Perhaps @ncw or @ivandeex might have a thought as I was looking through the feature request and I think they both were involved. I do not see @urykhy on the forums.
ncw
(Nick Craig-Wood)
October 16, 2021, 9:47am
7
I suspect you are right about it not supporting TDE.

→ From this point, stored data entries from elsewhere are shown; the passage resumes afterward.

Lemma last_crossing_jumps : last_crossing t0 t1 = t0 \/
  (form_floor_lt d o (last_crossing t0 t1) < form_floor d o (last_crossing t0 t1))%Z.
Proof.
  unfold last_crossing. destruct (form_floor d o t0 <? form_floor d o t1)%Z; [right|left; reflexivity].
  rewrite form_floor_lt_root, form_floor_root. lia.
Qed.

Lemma form_floor_after_last_crossing m :
  last_crossing t0 t1 <= m -> m <= t1 -> form_floor d o m = form_floor d o t1.
Proof.
  intros H1 H2. destruct last_crossing_bounds as [L0 L1].
  apply Z.le_antisymm; [apply form_floor_le, H2|].
  unfold last_crossing in H1. destruct (Z.ltb_spec (form_floor d o t0) (form_floor d o t1)).
  - apply form_floor_ge, H1.
  - assert (form_floor d o t0 <= form_floor d o m)%Z by (apply form_floor_le; lra). lia.
Qed.

End Interval.
End LinearForm.

(** * Jumps of a step function *)

Section Sweep.
Variables (d1 o1 d2 o2 d3 o3 : R) (G : Z -> Z -> Z -> R).
Hypotheses (d1_pos : 0 < d1) (d2_pos : 0 < d2) (d3_pos : 0 < d3).

Local Notation N1 := (form_floor d1 o1).
Local Notation N2 := (form_floor d2 o2).
Local Notation N3 := (form_floor d3 o3).
Local Notation M1 := (form_floor_lt d1 o1).
Local Notation M2 := (form_floor_lt d2 o2).
Local Notation M3 := (form_floor_lt d3 o3).

Definition step_value t := G (N1 t) (N2 t) (N3 t).

(* The jump [step_value t - G (M1 t) (M2 t) (M3 t)] of the step function at [t], split into three
   telescoping parts; the [i]-th one vanishes unless the [i]-th form is an integer at [t]. This is
   what makes simultaneous crossings harmless. *)
Definition jump1 t := G (N1 t) (M2 t) (M3 t) - G (M1 t) (M2 t) (M3 t).
Definition jump2 t := G (N1 t) (N2 t) (M3 t) - G (N1 t) (M2 t) (M3 t).
Definition jump3 t := G (N1 t) (N2 t) (N3 t) - G (N1 t) (N2 t) (M3 t).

Can you open a new issue on Github and we can ask the experts there about it.
Thanks
ivandeex
(Ivan Andreev)
October 16, 2021, 10:35am
8
I don't know what is TDE so can't comment. Let gurus decide.
amiller
(Alan)
October 17, 2021, 1:28am
9
I also wanted to mention that copying HDFS files from an "unencrypted" area in the source cluster to the destination cluster works fine (there is no data corruption).
For example:
All files under /prod1 are an "encryption zone"
First I copied the contents of /prod1/raw/test to /unencrypted/raw/test using
the hadoop distcp command (preserves timestamps, perms, acs, etc)

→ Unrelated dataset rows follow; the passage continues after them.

(* Define, for $n'\in\mathbb{N}_+$ and $n\in\{0,\dots,n'\}$, $\gamma_{n,n'}=\sum_{j=0}^{n}\binom{n'}{j}{\rm e}_{n'-j}$. Then the collection $(\gamma_{n,n'})_{n'\in\mathbb{N}_+,n\in\{0,\dots,n'\}}$ belongs to $\Gamma$ (i.e. satisfies the bound condition).
   Context: $\sigma(x)=\max(0,x)$; $\mathrm{RL}(n,n')$ ($n,n'\in\mathbb{N}_+$) is the set of maps $h:\mathbb{R}^n\to\mathbb{R}^{n'}$, $h(x)_i=\sigma(\langle x,w_i\rangle+b_i)$ for some $W\in\mathbb{R}^{n'\times n}$ with rows $w_i$, $b\in\mathbb{R}^{n'}$; convention: $\mathrm{RL}(0,n')$ are constant maps $\{0\}\to\mathbb{R}^{n'}$ with $\mathcal{H}_{n'}(\mathcal{S}_h)={\rm e}_0$. $S_h(x)_i=1$ iff $\langle x,w_i\rangle+b_i>0$ else $0$; $\mathcal{S}_h=\{S_h(x):x\in\mathbb{R}^n\}$; $|s|=\sum_is_i$. $V$: sequences $(v_j)_{j\in\mathbb{N}}$ of nonnegative integers with finite sum; ${\rm e}_i$ has $({\rm e}_i)_j=\delta_{ij}$; $v\preceq w$ iff $\sum_{j\ge J}v_j\le\sum_{j\ge J}w_j$ for all $J\in\mathbb{N}$; for finite families, $\max_i(v^{(i)})_J=\max_i\sum_{j\ge J}v^{(i)}_j-\max_i\sum_{j\ge J+1}v^{(i)}_j$. $\mathcal{H}_{n'}(\mathcal{S})=(|\{s\in\mathcal{S}:|s|=j\}|)_j$. $\Gamma$ (bound condition): families $(\gamma_{n,n'})_{n'\in\mathbb{N}_+,n\in\{0,\dots,n'\}}$ in $V$ with (i) $\max\{\mathcal{H}_{n'}(\mathcal{S}_h):h\in\mathrm{RL}(n,n')\}\preceq\gamma_{n,n'}$ for all $n'\in\mathbb{N}_+$, $n\in\{0,\dots,n'\}$, and (ii) $n\le\tilde n\le n'\Rightarrow\gamma_{n,n'}\preceq\gamma_{\tilde n,n'}$. *)

From HB Require Import structures.
From mathcomp Require Import all_boot all_order all_algebra.
From mathcomp Require Import boolp reals.
Set Implicit Arguments. Unset Strict Implicit. Unset Printing Implicit Defensive.
Import Order.TTheory GRing.Theory Num.Theory.

(* An element v of V is represented by a finite list s : seq nat,
   with v_j = nth 0 s j (entries beyond the list are 0). *)
Definition V := seq nat.
Definition vcoef (v : V) (j : nat) : nat := nth 0%N v j.

Definition tailV (J : nat) (v : V) : nat := sumn (drop J v).

Definition leV (v w : V) : Prop := forall J : nat, (tailV J v <= tailV J w)%N.

Definition eV (i : nat) : V := rcons (nseq i 0%N) 1%N.

Definition addV (v w : V) : V :=
  mkseq (fun j => vcoef v j + vcoef w j)%N (maxn (size v) (size w)).
Definition scaleV (c : nat) (v : V) : V := map (fun a => c * a)%N v.

Definition IsMaxV (A : V -> Prop) (m : V) : Prop :=
  exists M : nat -> nat,
    (forall J, (exists2 v, A v & tailV J v = M J) /\
               (forall v, A v -> (tailV J v <= M J)%N)) /\
    (forall J, vcoef m J = M J - M J.+1)%N.

(* A layer h in RL(n,n') (n >= 1) is given by weights W (rows w_i) and biases b.
   Its activation pattern S_h(x)_i = 1 iff <x,w_i> + b_i > 0. *)
Definition pattern (R : realType) (n n' : nat) (W : 'I_n' -> 'I_n -> R)
  (b : 'I_n' -> R) (x : 'I_n -> R) : {ffun 'I_n' -> bool} :=
  [ffun i => (0 < \sum_(k < n) x k * W i k + b i)%R].

Definition patterns (R : realType) (n n' : nat) (W : 'I_n' -> 'I_n -> R)
  (b : 'I_n' -> R) : {set {ffun 'I_n' -> bool}} :=
  [set s | `[< exists x : 'I_n -> R, pattern W b x = s >]].

Definition weight (n' : nat) (s : {ffun 'I_n' -> bool}) : nat := #|[set i | s i]|.

Definition Hist (n' : nat) (S : {set {ffun 'I_n' -> bool}}) : V :=
  mkseq (fun j => #|[set s in S | weight s == j]|) n'.+1.

(* The set { H_{n'}(S_h) : h in RL(n,n') }, with the paper's convention
   that for n = 0 this is { e_0 }. *)
Definition HvalsRL (R : realType) (n n' : nat) (v : V) : Prop :=
  if n == 0%N then v = eV 0
  else exists (W : 'I_n' -> 'I_n -> R) (b : 'I_n' -> R), v = Hist (patterns W b).

Definition InGamma (R : realType) (gam : nat -> nat -> V) : Prop :=
  (forall n' n : nat, (0 < n')%N -> (n <= n')%N ->
     exists m : V, IsMaxV (HvalsRL R n n') m /\ leV m (gam n n')) /\
  (forall n' n nt : nat, (0 < n')%N -> (n <= nt <= n')%N ->
     leV (gam n n') (gam nt n')).

Definition gammaB (n n' : nat) : V :=
  \big[addV/[::]]_(j < n.+1) scaleV 'C(n', j) (eV (n' - j)).

From mathcomp Require Import all_boot all_order all_algebra.
From mathcomp Require Import boolp reals.
From mathcomp Require Import zify ring lra.
Set Implicit Arguments. Unset Strict Implicit. Unset Printing Implicit Defensive.
Import Order.TTheory GRing.Theory Num.Theory.

(* The J-th tail sum of H(S_h) counts the activation patterns of h
   with at most k = n' - J inactive neurons.  Forgetting the first neuron maps
   these patterns into the patterns of the remaining n' - 1 neurons, and a
   pattern has two preimages only if it is realised on both sides of the first
   neuron's hyperplane, hence (on the segment between the two witnesses) on the
   hyperplane itself, where the layer is a layer on n - 1 inputs with at most
   k - 1 inactive neurons.  Pascal's rule then bounds the count by
   sum_(j <= min(n, k)) C(n', j), which is at most the J-th tail sum of
   gamma_(n,n').  The maximum of all histograms exists since their tail sums are
   bounded and vanish beyond n'. *)

Lemma tailV_oversize J v : size v <= J -> tailV J v = 0.
Proof. by move=> le_v_J; rewrite /tailV drop_oversize. Qed.

Lemma tailVE J v : tailV J v = vcoef v J + tailV J.+1 v.
Proof.
have [lt_J_v | le_v_J] := ltnP J (size v); first by rewrite /tailV (drop_nth 0 lt_J_v).
by rewrite !tailV_oversize ?(leq_trans le_v_J) // /vcoef nth_default.
Qed.

Lemma tailV_rec v (f : nat -> nat) :
    (forall J, size v <= J -> f J = 0) -> (forall J, f J = vcoef v J + f J.+1) ->
  forall J, tailV J v = f J.
Proof.
move=> f_oversize fS J; have [d lt_vJ_d] := ubnP (size v - J).
elim: d J lt_vJ_d => // d IHd J lt_vJ_d.
have [le_v_J | lt_J_v] := leqP (size v) J; first by rewrite tailV_oversize ?f_oversize.
by rewrite tailVE fS IHd //; lia.
Qed.

Lemma vcoef_addV v w j : vcoef (addV v w) j = vcoef v j + vcoef w j.
Proof.
rewrite /addV /vcoef; have [lt_j_vw | ] := ltnP j (maxn (size v) (size w)).
  by rewrite nth_mkseq.
rewrite geq_max => /andP[le_v_j le_w_j].
by rewrite !nth_default ?size_mkseq ?geq_max ?le_v_j.
Qed.

Lemma vcoef_scaleV c v j : vcoef (scaleV c v) j = c * vcoef v j.
Proof.
rewrite /scaleV /vcoef; have [lt_j_v | le_v_j] := ltnP j (size v); first by rewrite (nth_map 0).
by rewrite !nth_default ?size_map ?muln0.
Qed.

Lemma size_eV i : size (eV i) = i.+1.
Proof. by rewrite size_rcons size_nseq. Qed.

Lemma vcoef_eV i j : vcoef (eV i) j = (i == j).
Proof. by rewrite /vcoef nth_rcons size_nseq nth_nseq if_same eq_sym; case: ltngtP. Qed.

Lemma tailV_addV J v w : tailV J (addV v w) = tailV J v + tailV J w.
Proof.
move: J; apply: tailV_rec => J.
  by rewrite size_mkseq geq_max => /andP[le_v_J le_w_J]; rewrite !tailV_oversize.
by rewrite vcoef_addV [tailV J v]tailVE [tailV J w]tailVE addnACA.
Qed.

Lemma tailV_scaleV J c v : tailV J (scaleV c v) = c * tailV J v.
Proof.
move: J; apply: tailV_rec => J; first by rewrite size_map => /tailV_oversize ->; rewrite muln0.
by rewrite vcoef_scaleV [tailV J v]tailVE mulnDr.
Qed.

Lemma tailV_eV J i : tailV J (eV i) = (J <= i).
Proof. by move: J; apply: tailV_rec => J; rewrite ?size_eV ?vcoef_eV; lia. Qed.

Lemma tailV_gammaB J n n' :
  tailV J (gammaB n n') = \sum_(j < n.+1) 'C(n', j) * (J <= n' - j).
Proof.
rewrite /gammaB (big_morph (tailV J) (tailV_addV J) (@tailV_oversize J [::] (leq0n J))).
by apply: eq_bigr => j _; rewrite tailV_scaleV tailV_eV.
Qed.

Lemma leV_gammaB n nt n' : n <= nt -> leV (gammaB n n') (gammaB nt n').
Proof.
move=> le_n_nt J; rewrite !tailV_gammaB.
rewrite (big_ord_widen nt.+1 (fun j => 'C(n', j) * (J <= n' - j)) (le_n_nt : n < nt.+1)).
by rewrite big_mkcond; apply: leq_sum => j _; case: ifP.
Qed.

Section MaxV.
Variables (A : V -> Prop) (g : V) (N : nat).
Hypothesis A_nonempty : exists v, A v.
Hypothesis size_A : forall v, A v -> size v <= N.
Hypothesis A_le_g : forall v, A v -> leV v g.

Let tails_at J t := `[< exists2 v, A v & tailV J v = t >].

Let tails_at_ex J : exists t, tails_at J t.
Proof. by have [v Av] := A_nonempty; exists (tailV J v); apply/asboolP; exists v. Qed.

Let tails_at_ub J t : tails_at J t -> t <= tailV J g.
Proof. by move=> /asboolP[v Av <-]; apply: A_le_g. Qed.

Let M J := ex_maxn (tails_at_ex J) (tails_at_ub (J := J)).

Let MP J : (exists2 v, A v & tailV J v = M J) /\ (forall v, A v -> tailV J v <= M J).
Proof.
rewrite /M; case: ex_maxnP => t /asboolP[v Av tv] t_max.
by split=> [|w Aw]; [exists v | apply: t_max; apply/asboolP; exists w].
Qed.

Let M_oversize J : N <= J -> M J = 0.
Proof.
move=> le_N_J; have [[v Av <-] _] := MP J.
by rewrite tailV_oversize ?(leq_trans (size_A Av)).
Qed.

Let MS J : M J.+1 <= M J.
Proof.
have [[v Av <-] _] := MP J.+1.
by rewrite (leq_trans _ ((MP J).2 v Av)) // [tailV J v]tailVE leq_addl.
Qed.

Lemma IsMaxV_exists : exists m, IsMaxV A m /\ leV m g.
Proof.
pose m := mkseq (fun J => M J - M J.+1) N.
have vcoef_m J : vcoef m J = M J - M J.+1.
  rewrite /vcoef; have [lt_J_N | le_N_J] := ltnP J N; first by rewrite nth_mkseq.
  by rewrite nth_default ?size_mkseq // !M_oversize ?(leq_trans le_N_J).
have tailV_m J : tailV J m = M J.
  move: J; apply: tailV_rec => J; first by rewrite size_mkseq => /M_oversize.
  by rewrite vcoef_m subnK.
exists m; split; first by exists M; split=> J; [apply: MP | apply: vcoef_m].
move=> J; rewrite tailV_m; have [[v Av <-] _] := MP J; exact: A_le_g.
Qed.

End MaxV.

Definition binsum n t := \sum_(j < t) 'C(n, j).

Lemma binsumSS n t : binsum n.+1 t.+1 = binsum n t.+1 + binsum n t.
Proof.
rewrite /binsum !big_ord_recl !bin0 -addnA; congr (_ + _).
by rewrite -big_split; apply: eq_bigr => j _; rewrite binS.
Qed.

Lemma binsum0 t : binsum 0 t.+1 = 1.
Proof. by rewrite /binsum big_ord_recl bin0 big1 // => j _; rewrite bin0n. Qed.

Lemma card_imset_split (T U : finType) (f : T -> U) (A : {set T}) (P : pred T) :
    {in [set x in A | P x] &, injective f} -> {in [set x in A | ~~ P x] &, injective f} ->
  #|A| = #|[set f x | x in A & P x] :|: [set f x | x in A & ~~ P x]|
         + #|[set f x | x in A & P x] :&: [set f x | x in A & ~~ P x]|.
Proof.
move=> f_injP f_injN; rewrite cardsUI !card_in_imset // -(cardID P A).
by congr (_ + _); apply: eq_card => x; rewrite !inE // andbC.
Qed.

Section Patterns.
Variable n' : nat.
Implicit Types s : {ffun 'I_n' -> bool}.

Definition zeros s : nat := \sum_(i < n') ~~ s i.

Lemma weight_le s : weight s <= n'.
Proof. by rewrite /weight -[X in _ <= X]card_ord max_card. Qed.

Then I ran rclone copy san_prod:/unencrypted/raw/test las_prod:/prod1/raw/test
Which achieves my goal of mirroring data across the 2 HDFS clusters.
So, this is probably a feature request for rclone to support Hadoop TDE.
It would be nice if the documentation would at least mention this limitation.
system
(system)
Closed
November 16, 2021, 1:28am
10
This topic was automatically closed 30 days after the last reply. New replies are no longer allowed.